| WHAT THIS TASK INVOLVES |
Where does the string "IfAngel" appear in the records? Copy each line that holds it.

(Stored items)
(* Let $b$ be a Boolean expression, $C$ a HeyVL statement, $I$ an expectation, $\vec v$ a list of variables, and for an expectation $J$ let $\mathrm{Park}(b,C,J)$ be the HeyVL program $\mathtt{assert}\ J$ [labelled (1)]; $\mathtt{havoc}\ \vec v$; $\mathtt{validate}$; $\mathtt{assume}\ J$ [labelled (I)]; $\mathtt{if}\ b\ \{\ C;\ \mathtt{assert}\ J$ [labelled (2)]$;\ \mathtt{assume}\ ?(\mathsf{false})$ [labelled (II)] $\}\ \mathtt{else}\ \{\}$. Let $S=\mathrm{Park}(b,C,I)$, let $X,Y$ be expectations, and let $S'$ be obtained from $S$ by removing any subset of the assumptions (I) and (II), such that $\models\{X\}S'\{Y\}$. Then: (1) If $S'$ does not include (I), then $\models\{X\}\,\mathrm{Park}(b,C,\infty)\,\{Y\}$. (2) If $S'$ does not include (II), then $\models\{X\}\,\mathtt{if}\ b\ \{C\}\ \mathtt{else}\ \{\}\,\{Y\}$.
   Context: Expectations are functions from program states to $[0,\infty]$, ordered pointwise by $\preceq$. $?(b)$ is the expectation equal to $\infty$ where $b$ holds and $0$ elsewhere. HeyVL statements and verification pre-expectation transformer $\mathrm{vp}$ (monotone in its argument): $x :\approx \sum_i p_i\cdot t_i$: $\sum_i p_i X[x/t_i]$; $\mathtt{reward}\ a$: $X+a$; $S_1;S_2$: $\mathrm{vp}[S_1](\mathrm{vp}[S_2](X))$; $\mathtt{if}(\sqcap)/\mathtt{if}(\sqcup)\{S_1\}\mathtt{else}\{S_2\}$: pointwise min/max of branch values; $\mathtt{assert}\ Y$: $\min(Y,X)$; $\mathtt{coassert}\ Y$: $\max(Y,X)$; $\mathtt{assume}\ Y$: $\infty$ where $Y\le X$, else $X$; $\mathtt{coassume}\ Y$: $0$ where $Y\ge X$, else $X$; $\mathtt{havoc}\ \vec v$/$\mathtt{cohavoc}\ \vec v$: pointwise inf/sup over values of $\vec v$; $\mathtt{validate}$: $\infty$ where $X=\infty$, else $0$; $\mathtt{covalidate}$: $0$ where $X=0$, else $\infty$. The conditional $\mathtt{if}\ b\{S_1\}\mathtt{else}\{S_2\}$ abbreviates $\mathtt{if}(\sqcap)\{\mathtt{assume}\ ?(b);S_1\}\mathtt{else}\{\mathtt{assume}\ ?(\neg b);S_2\}$. Removing a statement means replacing it by $\mathtt{skip}$, $\mathrm{vp}[\mathtt{skip}](X)=X$. Write $\models\{A\}S\{B\}$ iff $A\preceq\mathrm{vp}[S](B)$. *)

From HB Require Import structures.
From mathcomp Require Import all_boot all_order all_algebra.
From mathcomp Require Import boolp classical_sets reals constructive_ereal ereal.
From Stdlib Require List.
Set Implicit Arguments. Unset Strict Implicit. Unset Printing Implicit Defensive.
Import Order.TTheory GRing.Theory Num.Theory.
Local Open Scope classical_set_scope.
Local Open Scope ring_scope.
Local Open Scope ereal_scope.

Section HeyVL.
Context (R : realType) (Var : eqType) (Val : Var -> Type).

Definition state := forall x : Var, Val x.
(* expectations: state -> [0, +oo]  (nonnegativity is imposed via [nonneg_exp]) *)
Definition exp := state -> \bar R.
Definition nonneg_exp (X : exp) := forall s, 0 <= X s.
Definition bexp := state -> bool.

(* ?(b) *)
Definition iver (b : bexp) : exp := fun s => if b s then +oo else 0.

Inductive stmt :=
| Skip
| PAsgn (x : Var) (l : seq ((state -> R) * (state -> Val x)))  (* x :~ sum_i p_i . t_i *)
| Reward (a : exp)
| Seq (S1 S2 : stmt)
| IfDemon (S1 S2 : stmt)
| IfAngel (S1 S2 : stmt)
| Assert (Y : exp)
| Coassert (Y : exp)
| Assume (Y : exp)
| Coassume (Y : exp)
| Havoc (vs : seq Var)
| Cohavoc (vs : seq Var)
| Validate
| Covalidate.

Definition havoc_set (vs : seq Var) (s : state) : set state :=
  [set s' | forall y, y \notin vs -> s' y = s y].

Fixpoint vp (S : stmt) (X : exp) {struct S} : exp :=
  match S with
  | Skip => X
  | PAsgn x l => fun s =>
      \sum_(pt <- l) ((pt.1 s)%:E * X (@dfwith Var Val s x (pt.2 s)))
  | Reward a => fun s => X s + a s
  | Seq S1 S2 => vp S1 (vp S2 X)
  | IfDemon S1 S2 => fun s => Order.min (vp S1 X s) (vp S2 X s)
  | IfAngel S1 S2 => fun s => Order.max (vp S1 X s) (vp S2 X s)
  | Assert Y => fun s => Order.min (Y s) (X s)
  | Coassert Y => fun s => Order.max (Y s) (X s)
  | Assume Y => fun s => if Y s <= X s then +oo else X s
  | Coassume Y => fun s => if X s <= Y s then 0 else X s
  | Havoc vs => fun s => ereal_inf [set X s' | s' in havoc_set vs s]
  | Cohavoc vs => fun s => ereal_sup [set X s' | s' in havoc_set vs s]
  | Validate => fun s => if X s == +oo then +oo else 0
  | Covalidate => fun s => if X s == 0 then 0 else +oo
  end.

Fixpoint wf (S : stmt) : Prop :=
  match S with
  | Skip | Havoc _ | Cohavoc _ | Validate | Covalidate => True
  | PAsgn x l => forall s, (forall pt, List.In pt l -> (0 <= pt.1 s)%R)
                           /\ (\sum_(pt <- l) pt.1 s)%R = 1%R
  | Reward a | Assert a | Coassert a | Assume a | Coassume a => nonneg_exp a
  | Seq S1 S2 | IfDemon S1 S2 | IfAngel S1 S2 => wf S1 /\ wf S2
  end.

Definition valid (X : exp) (S : stmt) (Y : exp) := forall s, X s <= vp S Y s.

Definition If (b : bexp) (S1 S2 : stmt) : stmt :=
  IfDemon (Seq (Assume (iver b)) S1) (Seq (Assume (iver (fun s => ~~ b s))) S2).

(* Park(b,C,J) where assumption (I) is kept iff kI, (II) kept iff kII;
   a removed statement is replaced by skip. *)
Definition ParkOpt (kI kII : bool) (vs : seq Var) (b : bexp) (C : stmt) (J : exp) : stmt :=
  Seq (Assert J)                                   (* (1) *)
  (Seq (Havoc vs)
  (Seq Validate
  (Seq (if kI then Assume J else Skip)             (* (I) *)
       (If b (Seq C (Seq (Assert J)                (* (2) *)
                         (if kII then Assume (iver (fun _ => false)) else Skip)))  (* (II) *)
             Skip)))).

Definition Park (vs : seq Var) (b : bexp) (C : stmt) (J : exp) : stmt :=
  ParkOpt true true vs b C J.

Definition infty_exp : exp := fun _ => +oo.

End HeyVL.

From HB Require Import structures.
From mathcomp Require Import all_boot all_order all_algebra.
From mathcomp Require Import boolp classical_sets reals constructive_ereal ereal.
Set Implicit Arguments. Unset Strict Implicit. Unset Printing Implicit Defensive.
Import Order.TTheory GRing.Theory Num.Theory.
Local Open Scope ereal_scope.

(** Both parts are refinement arguments, where [S ⊑ S'] means [vp S <= vp S']
on nonnegative post-expectations and [vp] is monotone.
(1) Without (I), [S'] refines [Park(b,C,oo)]: raising [I] to [oo] only raises
the assertions, the missing (I) is refined by [assume oo], and whatever
follows (2) is refined by [assume ?(false)], whose vp is [oo].
(2) Without (II), let [0 < X s <= vp S' Y s].  The first assertion gives
[X s <= I s].  As [havoc; validate] only yields [0] or [oo], its continuation
has vp [oo] at [s]; through [assume I] (or trivially, if (I) is absent) this
gives [I s <= vp (if b {C; assert I} else {}) Y s], and dropping [assert I]
only raises the right-hand side. *)

Section Refinement.
Context (R : realType) (Var : eqType) (Val : Var -> Type).
Local Notation Skip := (@Skip R Var Val).
Local Notation Validate := (@Validate R Var Val).
Local Notation Havoc := (@Havoc R Var Val).
Implicit Types (S T : stmt R Val) (X J : exp R Val) (b : bexp Val).

Lemma iver_ge0 b : nonneg_exp (iver R b).
Proof. by move=> s; rewrite /iver; case: ifP. Qed.

Lemma infty_exp_ge0 : nonneg_exp (@infty_exp R Var Val).
Proof. by move=> s; exact: leey. Qed.

Lemma wf_If b S T : wf S -> wf T -> wf (If b S T).
Proof. by move=> wS wT; do !split => //; exact: iver_ge0. Qed.

Lemma vp_ge0 S X : wf S -> nonneg_exp X -> nonneg_exp (vp S X).
Proof.
elim: S X => [|x l|a|S1 IH1 S2 IH2|S1 IH1 S2 IH2|S1 IH1 S2 IH2|Y|Y|Y|Y|vs|vs||]
  X /= wS X0 s; try by case: ifP.
- exact: X0.
- have {wS} : forall pt, List.In pt l -> (0 <= pt.1 s)%R by case: (wS s).
  elim: l => [|pt l IHl] l0; first by rewrite big_nil.
  rewrite big_cons adde_ge0 ?IHl //; last by move=> pt' h; apply: l0; right.
  by rewrite mule_ge0 // lee_fin l0 //; left.
- exact: adde_ge0.
- by case: wS => w1 w2; apply: IH1 => //; exact: IH2.
- by case: wS => w1 w2; rewrite le_min IH1 ?IH2.
- by case: wS => w1 w2; rewrite le_max IH1.
- by rewrite le_min wS X0.
- by rewrite le_max X0 orbT.
- by apply/ereal_infP => _ [s' _ <-].
- by apply: le_ereal_sup_tmp; exists (X s) => //; exists s.
Qed.

Lemma vp_Assume_le J X X' s : X s <= X' s ->
  vp (Assume J) X s <= vp (Assume J) X' s.
Proof.
move=> XX' /=; case: ifP => h1; case: ifP => h2 //; last exact: leey.
by move: h2; rewrite (le_trans h1 XX').
Qed.

Lemma vp_mono S X X' : wf S -> nonneg_exp X -> (forall s, X s <= X' s) ->
  forall s, vp S X s <= vp S X' s.
Proof.
elim: S X X' =>
  [|x l|a|S1 IH1 S2 IH2|S1 IH1 S2 IH2|S1 IH1 S2 IH2|Y|Y|Y|Y|vs|vs||]
  X X' /= wS X0 XX' s.
- exact: XX'.
- have {wS} : forall pt, List.In pt l -> (0 <= pt.1 s)%R by case: (wS s).
  elim: l => [|pt l IHl] l0; first by rewrite !big_nil.
  rewrite !big_cons leeD ?IHl //; last by move=> pt' h; apply: l0; right.
  by rewrite lee_wpmul2l // lee_fin l0 //; left.
- exact: leeD.
- case: wS => w1 w2; apply: IH1 => //; first exact: vp_ge0.
  exact: IH2.
- by case: wS => w1 w2; rewrite le_min !ge_min (IH1 X X') // (IH2 X X') ?orbT.
- by case: wS => w1 w2; rewrite ge_max !le_max (IH1 X X') // (IH2 X X') ?orbT.
- by rewrite le_min !ge_min lexx XX' !orbT.
- by rewrite ge_max !le_max lexx XX' !orbT.
- exact: (@vp_Assume_le Y X X').
- case: ifP => h1; case: ifP => h2 //.
  + exact: le_trans (X0 s) (XX' s).
  + by move: h1; rewrite (le_trans (XX' s) h2).
- apply/ereal_infP => _ [s' hs' <-]; apply: ge_ereal_inf.
  by exists (X s'); [exists s' | exact: XX'].
- apply/ereal_supP => _ [s' hs' <-]; apply: le_ereal_sup_tmp.
  by exists (X' s'); [exists s' | exact: XX'].
- case: ifP => /eqP h1; case: ifP => /eqP h2 //.
  by move: (XX' s); rewrite h1 leye_eq => /eqP.
- case: ifP => /eqP h1; case: ifP => /eqP h2 //.
  by case: h1; apply/eqP; rewrite eq_le X0 andbT -h2 XX'.
Qed.

Definition refines S S' :=
  forall X, nonneg_exp X -> forall s, vp S X s <= vp S' X s.

Lemma refines_refl S : refines S S.
Proof. by move=> X _ s. Qed.

Lemma refines_seq S1 S1' S2 S2' : wf S1' -> wf S2 ->
  refines S1 S1' -> refines S2 S2' -> refines (Seq S1 S2) (Seq S1' S2').
Proof.
move=> w1' w2 r1 r2 X X0 s /=.
apply: le_trans (r1 _ (vp_ge0 w2 X0) s) _.
by apply: vp_mono => //; [exact: vp_ge0 | exact: r2].
Qed.

Lemma refines_If b S S' T : refines S S' -> refines (If b S T) (If b S' T).
Proof.
move=> r X X0 s /=; have /= Sle := vp_Assume_le (iver R b) (r X X0 s).
by rewrite le_min !ge_min Sle lexx orbT.
Qed.

Lemma refines_Assert J J' : (forall s, J s <= J' s) ->
  refines (Assert J) (Assert J').
Proof. by move=> JJ' X _ s /=; rewrite le_min !ge_min JJ' lexx orbT. Qed.

Lemma refines_Seq_Assert J S : refines (Seq (Assert J) S) S.
Proof. by move=> X _ s /=; rewrite ge_min lexx orbT. Qed.

Lemma refines_Skip_Assume J : refines Skip (Assume J).
Proof. by move=> X _ s /=; case: ifP => // _; exact: leey. Qed.

Lemma refines_Assume_false S : refines S (Assume (iver R (fun=> false))).
Proof. by move=> X X0 s /=; rewrite /iver X0 leey. Qed.

Lemma valid_refines X S S' Y :
  nonneg_exp Y -> refines S S' -> valid X S Y -> valid X S' Y.
Proof. by move=> Y0 r v s; exact: le_trans (v s) (r Y Y0 s). Qed.

Lemma vp_havoc_validate_gt0 vs S X s :
  0 < vp (Seq (Havoc vs) (Seq Validate S)) X s -> vp S X s = +oo.
Proof.
rewrite /=; set inf := ereal_inf _ => inf_gt0.
have : inf <= if vp S X s == +oo then +oo else 0.
  by apply: ge_ereal_inf; eexists; first exists s.
by case: eqP => // _ /(lt_le_trans inf_gt0); rewrite ltxx.
Qed.

Lemma vp_Seq_Assert J S X s :
  vp (Seq (Assert J) S) X s = Order.min (J s) (vp S X s).
Proof. by []. Qed.

Lemma vp_Assume_eq_infty J X s : vp (Assume J) X s = +oo -> J s <= X s.
Proof. by rewrite /=; case: ifP => // JX Xs; rewrite Xs leey in JX. Qed.

Lemma refines_ParkOpt_noI kII vs b C J : wf C -> nonneg_exp J ->
  refines (ParkOpt false kII vs b C J) (Park vs b C (@infty_exp R Var Val)).
Proof.
move=> wC J0.
have wII : wf (if kII then Assume (iver R (fun=> false)) else Skip).
  by case: kII => //; exact: iver_ge0.
have wBody : wf (If b (Seq C (Seq (Assert J) (if kII
  then Assume (iver R (fun=> false)) else Skip))) Skip) by exact: wf_If.
have Jle : forall s, J s <= infty_exp R s by move=> s; exact: leey.
apply: refines_seq (refines_Assert Jle) _; [exact: infty_exp_ge0 | done |].
apply: refines_seq (refines_refl _) _ => //.
apply: refines_seq (refines_refl _) _ => //.
apply: refines_seq (refines_Skip_Assume _) _; [exact: infty_exp_ge0 | done |].
apply: refines_If; apply: refines_seq (refines_refl _) _ => //.
apply: refines_seq (refines_Assert Jle) (refines_Assume_false _) => //.
exact: infty_exp_ge0.
Qed.

Lemma le_vp_If_ParkOpt_noII kI vs b C J Y x s :
  wf C -> nonneg_exp J -> nonneg_exp Y -> 0 < x ->
  x <= vp (ParkOpt kI false vs b C J) Y s -> x <= vp (If b C Skip) Y s.
Proof.
move=> wC J0 Y0 x_gt0; rewrite vp_Seq_Assert le_min => /andP[xJ xHV].
have drop_assert : refines (Seq C (Seq (Assert J) Skip)) (Seq C Skip).
  exact: refines_seq (refines_refl C) (refines_Seq_Assert _ _).
rewrite -[vp (If b C Skip) Y s]/(vp (If b (Seq C Skip) Skip) Y s).
apply: le_trans xJ (le_trans _ (refines_If b Skip drop_assert Y0 s)).
move: (vp_havoc_validate_gt0 (lt_le_trans x_gt0 xHV)).
case: kI {xHV} => [|/= ->]; last exact: leey.
exact: vp_Assume_eq_infty.
Qed.

End Refinement.

Theorem theorem7 (R : realType) (Var : eqType) (Val : Var -> Type)
  (b : bexp Val) (C : stmt R Val) (I : exp R Val) (vs : seq Var)
  (X Y : exp R Val) (kI kII : bool) :
  wf C -> nonneg_exp I -> nonneg_exp X -> nonneg_exp Y ->
  valid X (ParkOpt kI kII vs b C I) Y ->
  (~~ kI -> valid X (Park vs b C (@infty_exp R Var Val)) Y) /\
  (~~ kII -> valid X (If b C (@Skip R Var Val)) Y).
Proof.
move=> wC I0 X0 Y0 vS; split => [/negbTE kI0 | /negbTE kII0].
  rewrite kI0 in vS; apply: valid_refines vS => //.
  exact: refines_ParkOpt_noI.
rewrite kII0 in vS => s.
have [->|Xs_neq0] := eqVneq (X s) 0.
  by apply: vp_ge0 Y0 s; exact: wf_If.
have Xs_gt0 : 0 < X s by rewrite lt_def Xs_neq0 X0.
exact: le_vp_If_ParkOpt_noII Xs_gt0 (vS s).
Qed.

| TASK SOLUTION |
| IfAngel (S1 S2 : stmt)
  | IfAngel S1 S2 => fun s => Order.max (vp S1 X s) (vp S2 X s)
  | Seq S1 S2 | IfDemon S1 S2 | IfAngel S1 S2 => wf S1 /\ wf S2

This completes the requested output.